▶ [TASK OBJECTIVE] Scan the lines below and report each one containing "heps" by copying it.

(DATA TO USE Opens)

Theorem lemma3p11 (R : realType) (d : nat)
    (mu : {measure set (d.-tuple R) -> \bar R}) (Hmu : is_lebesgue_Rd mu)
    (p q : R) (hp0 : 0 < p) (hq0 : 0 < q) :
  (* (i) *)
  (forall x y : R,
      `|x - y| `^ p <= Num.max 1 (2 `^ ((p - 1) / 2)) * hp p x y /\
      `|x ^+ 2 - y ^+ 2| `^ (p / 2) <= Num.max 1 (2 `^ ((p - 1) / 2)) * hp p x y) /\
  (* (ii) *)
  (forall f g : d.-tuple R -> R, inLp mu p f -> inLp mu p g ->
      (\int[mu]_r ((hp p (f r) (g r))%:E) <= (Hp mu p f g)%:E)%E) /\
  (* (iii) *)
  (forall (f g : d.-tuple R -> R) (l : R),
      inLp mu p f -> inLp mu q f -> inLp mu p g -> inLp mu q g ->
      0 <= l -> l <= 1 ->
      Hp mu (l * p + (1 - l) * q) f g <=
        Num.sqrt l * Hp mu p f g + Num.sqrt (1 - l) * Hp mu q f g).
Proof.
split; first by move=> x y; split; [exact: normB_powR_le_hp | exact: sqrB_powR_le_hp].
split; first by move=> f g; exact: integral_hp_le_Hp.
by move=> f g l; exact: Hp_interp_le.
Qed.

(DATA TO USE Closes)
(DATA TO USE Opens)

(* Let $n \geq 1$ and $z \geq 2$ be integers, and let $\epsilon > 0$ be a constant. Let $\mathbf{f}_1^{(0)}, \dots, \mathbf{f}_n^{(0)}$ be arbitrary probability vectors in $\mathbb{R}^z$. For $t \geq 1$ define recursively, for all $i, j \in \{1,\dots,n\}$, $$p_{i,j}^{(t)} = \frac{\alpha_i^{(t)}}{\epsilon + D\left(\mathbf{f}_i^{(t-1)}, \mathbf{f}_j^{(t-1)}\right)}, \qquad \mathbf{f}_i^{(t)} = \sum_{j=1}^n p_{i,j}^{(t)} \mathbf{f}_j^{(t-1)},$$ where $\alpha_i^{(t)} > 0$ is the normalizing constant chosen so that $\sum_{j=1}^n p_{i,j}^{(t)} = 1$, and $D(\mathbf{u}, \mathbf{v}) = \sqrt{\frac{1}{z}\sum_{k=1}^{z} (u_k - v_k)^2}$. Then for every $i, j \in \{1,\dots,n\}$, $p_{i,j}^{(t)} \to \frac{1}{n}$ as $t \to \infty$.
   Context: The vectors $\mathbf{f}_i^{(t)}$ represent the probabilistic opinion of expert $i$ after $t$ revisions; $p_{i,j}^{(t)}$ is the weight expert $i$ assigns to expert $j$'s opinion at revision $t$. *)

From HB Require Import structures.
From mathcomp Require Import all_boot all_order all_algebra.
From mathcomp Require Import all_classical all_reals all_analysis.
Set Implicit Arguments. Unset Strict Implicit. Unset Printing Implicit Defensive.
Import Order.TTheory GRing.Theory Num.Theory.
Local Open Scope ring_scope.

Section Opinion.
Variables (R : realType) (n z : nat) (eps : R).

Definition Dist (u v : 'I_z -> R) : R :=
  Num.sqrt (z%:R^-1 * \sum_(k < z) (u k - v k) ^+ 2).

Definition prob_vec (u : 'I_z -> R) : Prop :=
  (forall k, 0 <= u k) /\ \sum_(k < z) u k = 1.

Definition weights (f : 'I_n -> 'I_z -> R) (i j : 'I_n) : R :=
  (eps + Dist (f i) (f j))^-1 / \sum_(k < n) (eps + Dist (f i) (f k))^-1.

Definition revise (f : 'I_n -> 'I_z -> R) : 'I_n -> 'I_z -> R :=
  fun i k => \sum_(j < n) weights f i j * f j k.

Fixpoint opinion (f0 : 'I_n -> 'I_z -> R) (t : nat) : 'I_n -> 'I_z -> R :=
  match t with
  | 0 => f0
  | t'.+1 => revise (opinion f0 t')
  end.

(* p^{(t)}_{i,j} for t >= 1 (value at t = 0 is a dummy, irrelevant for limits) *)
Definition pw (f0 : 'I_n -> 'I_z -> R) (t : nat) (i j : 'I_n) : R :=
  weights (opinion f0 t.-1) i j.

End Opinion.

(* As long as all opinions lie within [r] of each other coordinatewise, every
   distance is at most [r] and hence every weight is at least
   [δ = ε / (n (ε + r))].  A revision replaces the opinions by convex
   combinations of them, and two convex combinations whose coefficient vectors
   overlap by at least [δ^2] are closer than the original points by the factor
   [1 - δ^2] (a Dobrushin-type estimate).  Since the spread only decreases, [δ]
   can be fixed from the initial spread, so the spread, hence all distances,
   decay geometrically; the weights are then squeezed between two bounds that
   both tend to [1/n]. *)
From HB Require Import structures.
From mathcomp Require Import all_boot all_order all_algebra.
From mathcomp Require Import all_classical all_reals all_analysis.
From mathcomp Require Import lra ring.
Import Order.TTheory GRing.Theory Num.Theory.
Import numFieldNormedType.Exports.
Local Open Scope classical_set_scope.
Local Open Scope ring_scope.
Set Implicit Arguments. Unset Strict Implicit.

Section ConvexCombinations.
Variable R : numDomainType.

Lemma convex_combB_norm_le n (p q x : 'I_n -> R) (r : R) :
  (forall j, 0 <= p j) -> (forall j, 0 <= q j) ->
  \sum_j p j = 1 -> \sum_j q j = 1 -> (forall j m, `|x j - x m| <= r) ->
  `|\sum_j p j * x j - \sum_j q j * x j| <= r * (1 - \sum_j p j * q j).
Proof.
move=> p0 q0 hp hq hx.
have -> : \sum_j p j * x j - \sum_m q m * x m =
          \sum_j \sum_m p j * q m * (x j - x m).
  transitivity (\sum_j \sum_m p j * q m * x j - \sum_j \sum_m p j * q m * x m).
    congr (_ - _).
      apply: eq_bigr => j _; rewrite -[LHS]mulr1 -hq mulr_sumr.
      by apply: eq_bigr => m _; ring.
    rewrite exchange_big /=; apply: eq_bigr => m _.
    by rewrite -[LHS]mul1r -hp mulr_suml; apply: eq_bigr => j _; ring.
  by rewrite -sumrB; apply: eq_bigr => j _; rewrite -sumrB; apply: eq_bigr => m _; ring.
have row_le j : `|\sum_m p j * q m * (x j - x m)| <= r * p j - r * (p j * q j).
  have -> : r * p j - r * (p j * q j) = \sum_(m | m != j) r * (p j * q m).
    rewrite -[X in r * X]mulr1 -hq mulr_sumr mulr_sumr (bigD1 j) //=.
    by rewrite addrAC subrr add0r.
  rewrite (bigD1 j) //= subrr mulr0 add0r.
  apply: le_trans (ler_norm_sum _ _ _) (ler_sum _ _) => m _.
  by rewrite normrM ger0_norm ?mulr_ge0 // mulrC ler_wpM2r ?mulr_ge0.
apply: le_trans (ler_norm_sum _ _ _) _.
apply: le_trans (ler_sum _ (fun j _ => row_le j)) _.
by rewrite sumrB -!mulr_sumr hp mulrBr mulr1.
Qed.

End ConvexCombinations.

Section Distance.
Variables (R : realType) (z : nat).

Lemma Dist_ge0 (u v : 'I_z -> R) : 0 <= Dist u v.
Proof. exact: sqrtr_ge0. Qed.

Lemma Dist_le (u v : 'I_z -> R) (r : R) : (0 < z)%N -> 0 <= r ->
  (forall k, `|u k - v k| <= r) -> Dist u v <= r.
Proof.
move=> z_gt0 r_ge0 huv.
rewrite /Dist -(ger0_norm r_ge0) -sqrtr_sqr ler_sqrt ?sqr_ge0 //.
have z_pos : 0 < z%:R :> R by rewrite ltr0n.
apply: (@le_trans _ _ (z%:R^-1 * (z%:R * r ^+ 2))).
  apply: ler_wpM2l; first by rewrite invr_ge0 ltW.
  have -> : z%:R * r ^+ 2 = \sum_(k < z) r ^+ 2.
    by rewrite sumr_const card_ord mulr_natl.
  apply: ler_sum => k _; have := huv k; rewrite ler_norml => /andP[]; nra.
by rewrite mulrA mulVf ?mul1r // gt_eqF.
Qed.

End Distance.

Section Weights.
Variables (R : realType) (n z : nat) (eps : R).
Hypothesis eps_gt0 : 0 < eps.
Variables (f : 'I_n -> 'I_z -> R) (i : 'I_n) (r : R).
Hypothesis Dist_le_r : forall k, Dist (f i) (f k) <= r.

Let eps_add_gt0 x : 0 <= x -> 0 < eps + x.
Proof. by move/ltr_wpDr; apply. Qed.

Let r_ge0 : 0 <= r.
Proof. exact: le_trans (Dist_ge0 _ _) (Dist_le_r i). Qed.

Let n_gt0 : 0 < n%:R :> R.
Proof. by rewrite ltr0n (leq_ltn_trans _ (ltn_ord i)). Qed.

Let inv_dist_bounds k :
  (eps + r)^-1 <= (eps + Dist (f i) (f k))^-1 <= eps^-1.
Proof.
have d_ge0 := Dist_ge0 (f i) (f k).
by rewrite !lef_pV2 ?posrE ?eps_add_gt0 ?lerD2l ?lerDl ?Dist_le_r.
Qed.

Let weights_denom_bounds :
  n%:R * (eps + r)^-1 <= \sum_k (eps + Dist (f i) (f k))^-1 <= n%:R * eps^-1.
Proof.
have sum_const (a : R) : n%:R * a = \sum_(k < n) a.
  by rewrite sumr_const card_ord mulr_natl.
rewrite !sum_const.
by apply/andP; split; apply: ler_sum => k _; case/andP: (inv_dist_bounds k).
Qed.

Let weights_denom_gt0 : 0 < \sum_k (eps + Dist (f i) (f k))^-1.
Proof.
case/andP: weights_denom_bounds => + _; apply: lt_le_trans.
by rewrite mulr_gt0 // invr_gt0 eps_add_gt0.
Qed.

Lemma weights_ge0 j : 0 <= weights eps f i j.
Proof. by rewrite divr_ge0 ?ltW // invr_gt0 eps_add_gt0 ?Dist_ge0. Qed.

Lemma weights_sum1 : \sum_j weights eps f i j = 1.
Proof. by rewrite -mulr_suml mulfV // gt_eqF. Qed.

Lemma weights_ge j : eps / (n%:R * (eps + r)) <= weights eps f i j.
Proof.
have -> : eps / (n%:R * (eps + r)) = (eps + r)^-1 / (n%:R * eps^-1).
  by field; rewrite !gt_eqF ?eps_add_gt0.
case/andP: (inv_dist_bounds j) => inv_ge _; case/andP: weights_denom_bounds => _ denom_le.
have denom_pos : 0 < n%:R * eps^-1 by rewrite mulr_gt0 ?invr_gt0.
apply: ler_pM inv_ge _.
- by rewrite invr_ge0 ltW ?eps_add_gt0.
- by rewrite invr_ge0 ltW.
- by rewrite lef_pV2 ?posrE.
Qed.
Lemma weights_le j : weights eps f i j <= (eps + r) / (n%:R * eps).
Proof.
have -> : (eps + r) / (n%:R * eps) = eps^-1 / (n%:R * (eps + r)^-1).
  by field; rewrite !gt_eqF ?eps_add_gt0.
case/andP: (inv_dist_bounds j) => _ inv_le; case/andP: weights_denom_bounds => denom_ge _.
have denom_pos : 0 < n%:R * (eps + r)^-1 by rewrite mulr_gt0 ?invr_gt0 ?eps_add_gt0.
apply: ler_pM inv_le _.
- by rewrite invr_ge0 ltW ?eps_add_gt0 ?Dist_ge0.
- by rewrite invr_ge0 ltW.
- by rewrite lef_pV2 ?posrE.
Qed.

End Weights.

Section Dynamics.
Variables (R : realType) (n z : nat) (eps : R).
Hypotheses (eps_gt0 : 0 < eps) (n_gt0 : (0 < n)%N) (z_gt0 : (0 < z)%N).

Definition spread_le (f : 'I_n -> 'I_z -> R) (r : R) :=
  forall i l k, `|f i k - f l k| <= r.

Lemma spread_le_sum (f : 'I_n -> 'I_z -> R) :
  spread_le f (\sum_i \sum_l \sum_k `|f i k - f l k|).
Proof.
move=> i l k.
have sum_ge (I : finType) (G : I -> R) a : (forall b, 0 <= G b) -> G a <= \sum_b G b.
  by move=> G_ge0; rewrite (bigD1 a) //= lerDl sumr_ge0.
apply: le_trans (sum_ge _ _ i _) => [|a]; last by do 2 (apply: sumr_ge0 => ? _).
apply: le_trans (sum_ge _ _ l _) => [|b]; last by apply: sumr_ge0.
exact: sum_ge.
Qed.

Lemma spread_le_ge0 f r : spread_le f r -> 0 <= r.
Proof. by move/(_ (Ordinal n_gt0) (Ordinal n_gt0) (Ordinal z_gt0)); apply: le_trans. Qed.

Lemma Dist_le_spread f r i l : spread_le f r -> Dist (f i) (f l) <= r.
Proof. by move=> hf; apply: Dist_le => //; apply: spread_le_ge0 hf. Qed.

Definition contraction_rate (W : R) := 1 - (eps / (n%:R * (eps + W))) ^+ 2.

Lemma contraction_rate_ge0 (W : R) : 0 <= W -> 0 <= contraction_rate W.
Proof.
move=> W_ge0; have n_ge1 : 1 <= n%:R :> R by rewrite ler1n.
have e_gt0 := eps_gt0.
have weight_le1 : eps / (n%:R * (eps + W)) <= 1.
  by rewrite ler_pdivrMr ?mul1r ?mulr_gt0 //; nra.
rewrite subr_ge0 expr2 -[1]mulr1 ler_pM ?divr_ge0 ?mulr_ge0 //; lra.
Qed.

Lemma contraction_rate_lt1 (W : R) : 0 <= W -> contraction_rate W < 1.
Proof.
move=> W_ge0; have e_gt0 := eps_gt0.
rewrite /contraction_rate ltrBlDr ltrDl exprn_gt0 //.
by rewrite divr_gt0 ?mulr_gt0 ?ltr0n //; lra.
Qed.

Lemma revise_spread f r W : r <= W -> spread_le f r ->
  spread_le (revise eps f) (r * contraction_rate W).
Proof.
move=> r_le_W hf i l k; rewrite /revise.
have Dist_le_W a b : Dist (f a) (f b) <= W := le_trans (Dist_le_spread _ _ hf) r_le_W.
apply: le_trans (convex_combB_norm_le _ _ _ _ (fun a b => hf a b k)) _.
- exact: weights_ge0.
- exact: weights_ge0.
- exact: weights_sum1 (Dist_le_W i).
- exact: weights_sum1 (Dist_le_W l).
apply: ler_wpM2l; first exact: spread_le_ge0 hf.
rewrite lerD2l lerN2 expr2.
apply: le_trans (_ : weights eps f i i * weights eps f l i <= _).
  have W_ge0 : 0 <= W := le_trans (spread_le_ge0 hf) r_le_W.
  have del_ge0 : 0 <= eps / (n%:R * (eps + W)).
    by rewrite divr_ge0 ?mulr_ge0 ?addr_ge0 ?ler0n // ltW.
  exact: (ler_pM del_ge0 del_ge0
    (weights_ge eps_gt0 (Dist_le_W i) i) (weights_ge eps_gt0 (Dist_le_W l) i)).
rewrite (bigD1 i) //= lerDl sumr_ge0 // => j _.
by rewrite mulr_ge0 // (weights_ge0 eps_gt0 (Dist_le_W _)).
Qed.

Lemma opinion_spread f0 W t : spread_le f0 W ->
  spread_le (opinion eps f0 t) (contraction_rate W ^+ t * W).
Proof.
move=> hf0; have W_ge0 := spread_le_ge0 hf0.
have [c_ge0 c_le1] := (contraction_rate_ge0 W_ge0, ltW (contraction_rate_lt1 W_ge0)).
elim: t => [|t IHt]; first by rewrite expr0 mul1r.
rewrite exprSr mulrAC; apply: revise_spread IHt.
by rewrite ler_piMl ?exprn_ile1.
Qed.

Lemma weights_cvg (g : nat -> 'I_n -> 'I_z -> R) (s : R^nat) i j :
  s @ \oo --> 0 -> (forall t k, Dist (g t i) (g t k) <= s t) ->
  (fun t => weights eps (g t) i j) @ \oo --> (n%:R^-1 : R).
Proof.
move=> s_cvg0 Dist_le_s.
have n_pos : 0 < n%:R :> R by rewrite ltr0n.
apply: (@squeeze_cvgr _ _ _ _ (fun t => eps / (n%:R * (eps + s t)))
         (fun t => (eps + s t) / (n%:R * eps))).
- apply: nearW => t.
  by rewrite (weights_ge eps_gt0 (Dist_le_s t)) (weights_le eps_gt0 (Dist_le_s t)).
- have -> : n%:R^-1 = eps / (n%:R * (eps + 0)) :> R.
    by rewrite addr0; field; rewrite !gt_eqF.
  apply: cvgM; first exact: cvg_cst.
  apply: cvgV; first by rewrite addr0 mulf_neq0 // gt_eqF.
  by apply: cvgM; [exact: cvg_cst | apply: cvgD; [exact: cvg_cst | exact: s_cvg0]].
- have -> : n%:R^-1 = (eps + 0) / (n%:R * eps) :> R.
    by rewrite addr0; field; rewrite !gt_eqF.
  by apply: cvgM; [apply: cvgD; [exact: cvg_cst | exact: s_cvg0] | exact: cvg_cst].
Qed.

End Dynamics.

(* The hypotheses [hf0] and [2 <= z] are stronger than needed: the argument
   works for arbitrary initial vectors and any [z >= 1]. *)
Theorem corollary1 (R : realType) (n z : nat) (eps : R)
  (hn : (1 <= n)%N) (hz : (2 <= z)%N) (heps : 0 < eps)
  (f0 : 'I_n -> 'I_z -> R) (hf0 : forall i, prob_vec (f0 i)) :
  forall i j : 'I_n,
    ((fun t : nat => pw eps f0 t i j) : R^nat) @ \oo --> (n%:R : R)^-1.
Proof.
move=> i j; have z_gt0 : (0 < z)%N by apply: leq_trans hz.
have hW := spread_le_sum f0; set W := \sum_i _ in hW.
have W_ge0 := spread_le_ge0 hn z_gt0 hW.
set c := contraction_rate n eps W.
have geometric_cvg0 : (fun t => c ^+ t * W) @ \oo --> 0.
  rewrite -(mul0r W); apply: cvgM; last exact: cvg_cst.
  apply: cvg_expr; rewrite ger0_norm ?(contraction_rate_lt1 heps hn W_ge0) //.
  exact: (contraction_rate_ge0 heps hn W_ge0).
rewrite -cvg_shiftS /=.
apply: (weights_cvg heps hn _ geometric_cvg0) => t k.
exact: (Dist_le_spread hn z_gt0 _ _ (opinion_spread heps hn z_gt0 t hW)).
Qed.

(DATA TO USE Closes)

▶ [EXPECTED ANSWER]
  (hn : (1 <= n)%N) (hz : (2 <= z)%N) (heps : 0 < eps)
  apply: cvg_expr; rewrite ger0_norm ?(contraction_rate_lt1 heps hn W_ge0) //.
  exact: (contraction_rate_ge0 heps hn W_ge0).
apply: (weights_cvg heps hn _ geometric_cvg0) => t k.
exact: (Dist_le_spread hn z_gt0 _ _ (opinion_spread heps hn z_gt0 t hW)).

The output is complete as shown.